(* Let $n\ge1$ and $\pi\in S_n$, and set $w=\hat\pi$. The following are equivalent: (a) $\pi\in\mathcal C_n(321)$; (b) $\hat\pi_1=n$ and $N_{2\,\underline{31}}(w)+N_{\underline{14}\,\underline{23}}(w)+N_{\underline{41}\,\underline{32}}(w)-N_{\underline{24}\,\underline{13}}(w)-N_{\underline{31}\,\underline{42}}(w)=0$; (c) $\hat\pi_1=n$ and $N_{\underline{231}}(w)+N_{\underline{23}\,\underline{41}}(w)+N_{\underline{24}\,\underline{31}}(w)+N_{\underline{32}\,\underline{41}}(w)+N_{\underline{14}\,\underline{23}}(w)+N_{\underline{41}\,\underline{32}}(w)-N_{\underline{24}\,\underline{13}}(w)=0$.
   Context: Permutations of $[n]$ are written in one-line notation $\pi=\pi_1\cdots\pi_n$. A permutation contains $321$ if there are $i<j<k$ with $\pi_i>\pi_j>\pi_k$. $\mathcal C_n$ is the set of cyclic permutations of $[n]$ (a single $n$-cycle), and $\mathcal C_n(321)$ those avoiding $321$. The standard cycle notation of $\pi$ writes each cycle with its largest element first, as $(m,\pi(m),\pi^2(m),\dots)$, and lists the cycles in increasing order of their largest elements. $\theta:S_n\to S_n$ sends $\pi$ to the permutation whose one-line notation is the standard cycle notation of $\pi$ with parentheses erased; $\hat\pi=\theta(\pi)$. Pattern counts, for a sequence $w=w_1\cdots w_N$ of distinct integers (all pairs $(i,j)$ below range over $i+2\le j\le N-1$ unless stated otherwise): $N_{2\,\underline{31}}(w)=\#\{(i,j):1\le i<j\le N-1,\ w_{j+1}<w_i<w_j\}$; $N_{\underline{231}}(w)=\#\{i: i+2\le N,\ w_{i+2}<w_i<w_{i+1}\}$; $N_{\underline{14}\,\underline{23}}(w)=\#\{(i,j): w_i<w_j<w_{j+1}<w_{i+1}\}$; $N_{\underline{41}\,\underline{32}}(w)=\#\{(i,j): w_{i+1}<w_{j+1}<w_j<w_i\}$; $N_{\underline{24}\,\underline{13}}(w)=\#\{(i,j): w_j<w_i<w_{j+1}<w_{i+1}\}$; $N_{\underline{31}\,\underline{42}}(w)=\#\{(i,j): w_{i+1}<w_{j+1}<w_i<w_j\}$; $N_{\underline{23}\,\underline{41}}(w)=\#\{(i,j): w_{j+1}<w_i<w_{i+1}<w_j\}$; $N_{\underline{24}\,\underline{31}}(w)=\#\{(i,j): w_{j+1}<w_i<w_j<w_{i+1}\}$; $N_{\underline{32}\,\underline{41}}(w)=\#\{(i,j): w_{j+1}<w_{i+1}<w_i<w_j\}$. *)

From mathcomp Require Import all_boot all_order all_algebra all_fingroup.
Set Implicit Arguments. Unset Strict Implicit. Unset Printing Implicit Defensive.

(* Permutations of [n] are modelled by s : 'S_n acting on 'I_n = {0,...,n-1};
   the one-line value pi_i (1-based) corresponds to (s (i-1)) + 1. *)

Definition contains321 n (s : 'S_n) : bool :=
  [exists i : 'I_n, exists j : 'I_n, exists k : 'I_n,
     [&& i < j, j < k, s k < s j & s j < s i]].

Definition is_cyclic n (s : 'S_n) : bool := #|porbits s| == 1.

Definition in_C321 n (s : 'S_n) : bool := is_cyclic s && ~~ contains321 s.

Definition cycle_max n (s : 'S_n) (m : 'I_n) : bool :=
  [forall y in porbit s m, y <= m].

Definition cycle_word n (s : 'S_n) (m : 'I_n) : seq 'I_n :=
  traject s m #|porbit s m|.

(* standard cycle notation with parentheses erased: cycles led by their
   maxima, listed in increasing order of maxima (enum 'I_n is increasing) *)
Definition theta_seq n (s : 'S_n) : seq 'I_n :=
  flatten [seq cycle_word s m | m <- enum 'I_n & cycle_max s m].

Definition hat n (s : 'S_n) : seq nat := [seq (val x).+1 | x <- theta_seq s].

(* 1-based access w_i *)
Definition wat (w : seq nat) (i : nat) : nat := nth 0 w i.-1.

Definition pair_count (w : seq nat) (P : nat -> nat -> bool) : nat :=
  \sum_(1 <= i < size w) \sum_(i.+2 <= j < size w) P i j.

Definition N_2_31 (w : seq nat) : nat :=
  \sum_(1 <= i < size w) \sum_(i.+1 <= j < size w)
     ((wat w j.+1 < wat w i) && (wat w i < wat w j)).

Definition N_231 (w : seq nat) : nat :=
  \sum_(1 <= i < (size w).-1) ((wat w i.+2 < wat w i) && (wat w i < wat w i.+1)).

Definition N_14_23 w := pair_count w (fun i j =>
  [&& wat w i < wat w j, wat w j < wat w j.+1 & wat w j.+1 < wat w i.+1]).
Definition N_41_32 w := pair_count w (fun i j =>
  [&& wat w i.+1 < wat w j.+1, wat w j.+1 < wat w j & wat w j < wat w i]).
Definition N_24_13 w := pair_count w (fun i j =>
  [&& wat w j < wat w i, wat w i < wat w j.+1 & wat w j.+1 < wat w i.+1]).
Definition N_31_42 w := pair_count w (fun i j =>
  [&& wat w i.+1 < wat w j.+1, wat w j.+1 < wat w i & wat w i < wat w j]).
Definition N_23_41 w := pair_count w (fun i j =>
  [&& wat w j.+1 < wat w i, wat w i < wat w i.+1 & wat w i.+1 < wat w j]).
Definition N_24_31 w := pair_count w (fun i j =>
  [&& wat w j.+1 < wat w i, wat w i < wat w j & wat w j < wat w i.+1]).
Definition N_32_41 w := pair_count w (fun i j =>
  [&& wat w j.+1 < wat w i.+1, wat w i.+1 < wat w i & wat w i < wat w j]).

From mathcomp Require Import all_boot all_order all_algebra all_fingroup.
From mathcomp Require Import zify.
Set Implicit Arguments. Unset Strict Implicit. Unset Printing Implicit Defensive.

(* For a cyclic permutation the standard cycle notation is the single cycle read
   from n, so hat pi starts with n; conversely, as cycles are listed by increasing
   maxima, if hat pi starts with n then n is the maximum of every cycle.
   For any word w of distinct letters, classifying for each i the descents
   w_(j+1) < w_i < w_j (j > i) by the position of w_(i+1), and counting the
   crossings of the level w_i by w_(i+1) ... w_N, shows that both alternating sums
   equal the nonnegative count
     N_witness w = N_14_23 + N_41_32 + N_23_14 + N_32_41 + #{i | w_N < w_i < w_(i+1)}.
   A permutation whose only possible fixed point is 0 contains 321 iff it has an
   inversion x < y, pi y < pi x with y an excedance or x a deficiency (the third
   letter is found by pigeonhole).  Reading such a pair along the cycle word of a
   cyclic pi produces exactly one of the five patterns counted by N_witness; the
   last one arises when the cycle wraps around from its last letter back to n. *)

(** * Pattern identities for words of distinct letters *)

Lemma crossings_balance (f : nat -> nat) v a b : a <= b ->
    (forall k, a <= k <= b -> f k != v) ->
  \sum_(a <= k < b) ((f k.+1 < v) && (v < f k)) + (v < f b) =
  \sum_(a <= k < b) ((f k < v) && (v < f k.+1)) + (v < f a).
Proof.
elim: b => [|b IHb] le_ab fv.
  by move: le_ab; rewrite leqn0 => /eqP->; rewrite !big_geq.
have [<- | ne_ab] := eqVneq a b.+1; first by rewrite !big_geq.
have le_ab' : a <= b by lia.
have fv' k : a <= k <= b -> f k != v by move=> ?; apply: fv; lia.
have fb : f b != v by apply: fv; lia.
have fb1 : f b.+1 != v by apply: fv; lia.
by rewrite !big_nat_recr //=; have := IHb le_ab' fv'; lia.
Qed.

Lemma crossing_patterns a b c d : uniq [:: a; b; c; d] ->
  [&& c < a, a < d & d < b] + [&& b < d, d < a & a < c]
  + [&& c < a, a < b & b < d] + [&& d < b, b < a & a < c]
  = if a < b then (c < a) && (a < d) else (d < a) && (a < c).
Proof.
rewrite /= !inE !negb_or => /and4P[/and3P[ab ac ad] /andP[bc bd] cd _].
by case: (ltngtP a b) => ?; case: (ltngtP a c) => ?; case: (ltngtP a d) => ?;
   case: (ltngtP b c) => ?; case: (ltngtP b d) => ?; case: (ltngtP c d) => ?; lia.
Qed.

Lemma descent_patterns a b c d : uniq [:: a; b; c; d] ->
  [&& d < a, a < b & b < c] + [&& d < a, a < c & c < b]
  + [&& d < b, b < a & a < c] + [&& b < d, d < a & a < c] = (d < a) && (a < c).
Proof.
rewrite /= !inE !negb_or => /and4P[/and3P[ab ac ad] /andP[bc bd] cd _].
by case: (ltngtP a b) => ?; case: (ltngtP a c) => ?; case: (ltngtP a d) => ?;
   case: (ltngtP b c) => ?; case: (ltngtP b d) => ?; case: (ltngtP c d) => ?; lia.
Qed.

Lemma sum_nat_gt0P (F : nat -> nat) a b :
  reflect (exists2 k, a <= k < b & 0 < F k) (0 < \sum_(a <= k < b) F k).
Proof.
rewrite lt0n sum_nat_seq_neq0; apply: (iffP hasP) => -[k].
  by rewrite mem_index_iota -lt0n; exists k.
by rewrite -mem_index_iota lt0n; exists k.
Qed.

Lemma pair_count_gt0P w (P : nat -> nat -> bool) :
  reflect (exists i j, [/\ 0 < i, i.+2 <= j < size w & P i j]) (0 < pair_count w P).
Proof.
apply: (iffP (sum_nat_gt0P _ _ _)) => [[i /andP[i_gt0 _] /sum_nat_gt0P[j jN]] |].
  by rewrite lt0b => Pij; exists i, j.
case=> i [j [i_gt0 /andP[ij jN] Pij]]; exists i; first lia.
by apply/sum_nat_gt0P; exists j; rewrite ?ij ?lt0b.
Qed.

Definition N_23_14 (w : seq nat) : nat := pair_count w (fun i j =>
  [&& wat w j < wat w i, wat w i < wat w i.+1 & wat w i.+1 < wat w j.+1]).
Definition N_23_end (w : seq nat) : nat :=
  \sum_(1 <= i < size w) [&& wat w (size w) < wat w i & wat w i < wat w i.+1].
Definition N_witness (w : seq nat) : nat :=
  N_14_23 w + N_41_32 w + N_23_14 w + N_32_41 w + N_23_end w.

Section Sequence.
Variable w : seq nat.
Local Notation f := (wat w).
Local Notation N := (size w).

Lemma N_2_31_split : N_2_31 w =
  N_231 w + pair_count w (fun i j => (f j.+1 < f i) && (f i < f j)).
Proof.
rewrite /N_2_31 /N_231 /pair_count.
case: (ltnP 1 N) => [N_gt1 | N_le1]; last by rewrite !big_geq //; lia.
have [M eN] : exists M, N = M.+1 by exists N.-1; lia.
have M_gt0 : 0 < M by lia.
rewrite eN !(big_nat_recr _ _ _ M_gt0) /=.
rewrite [X in _ + X = _]big_geq // [X in _ = _ + (_ + X)]big_geq // !addn0.
by rewrite -big_split; apply: eq_big_nat => i /andP[_ iM]; rewrite big_ltn.
Qed.

Hypothesis w_uniq : uniq w.

Lemma wat_eq k l : 0 < k <= N -> 0 < l <= N -> (f k == f l) = (k == l).
Proof. by case: k l => [|k] [|l] //= kN lN; rewrite /wat /= nth_uniq. Qed.

Lemma wat_inj : {in [pred k | 0 < k <= N] &, injective f}.
Proof. by move=> k l kN lN /eqP; rewrite wat_eq // => /eqP. Qed.

Lemma uniq_wat4 i j : 0 < i -> i.+1 < j -> j < N ->
  uniq [:: f i; f i.+1; f j; f j.+1].
Proof.
move=> i_gt0 ij jN.
rewrite -[[:: f i; _; _; _]]/(map f [:: i; i.+1; j; j.+1]) map_inj_in_uniq.
  by rewrite /= !inE; lia.
by apply: sub_in2 wat_inj => k; rewrite !inE; lia.
Qed.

━━━━━━━━━━━━━━━━

**TASK OBJECTIVE**
Wherever the string "Local" appears in a line of the records, copy that line.

**WRITTEN ANSWER**
Local Notation f := (wat w).
Local Notation N := (size w).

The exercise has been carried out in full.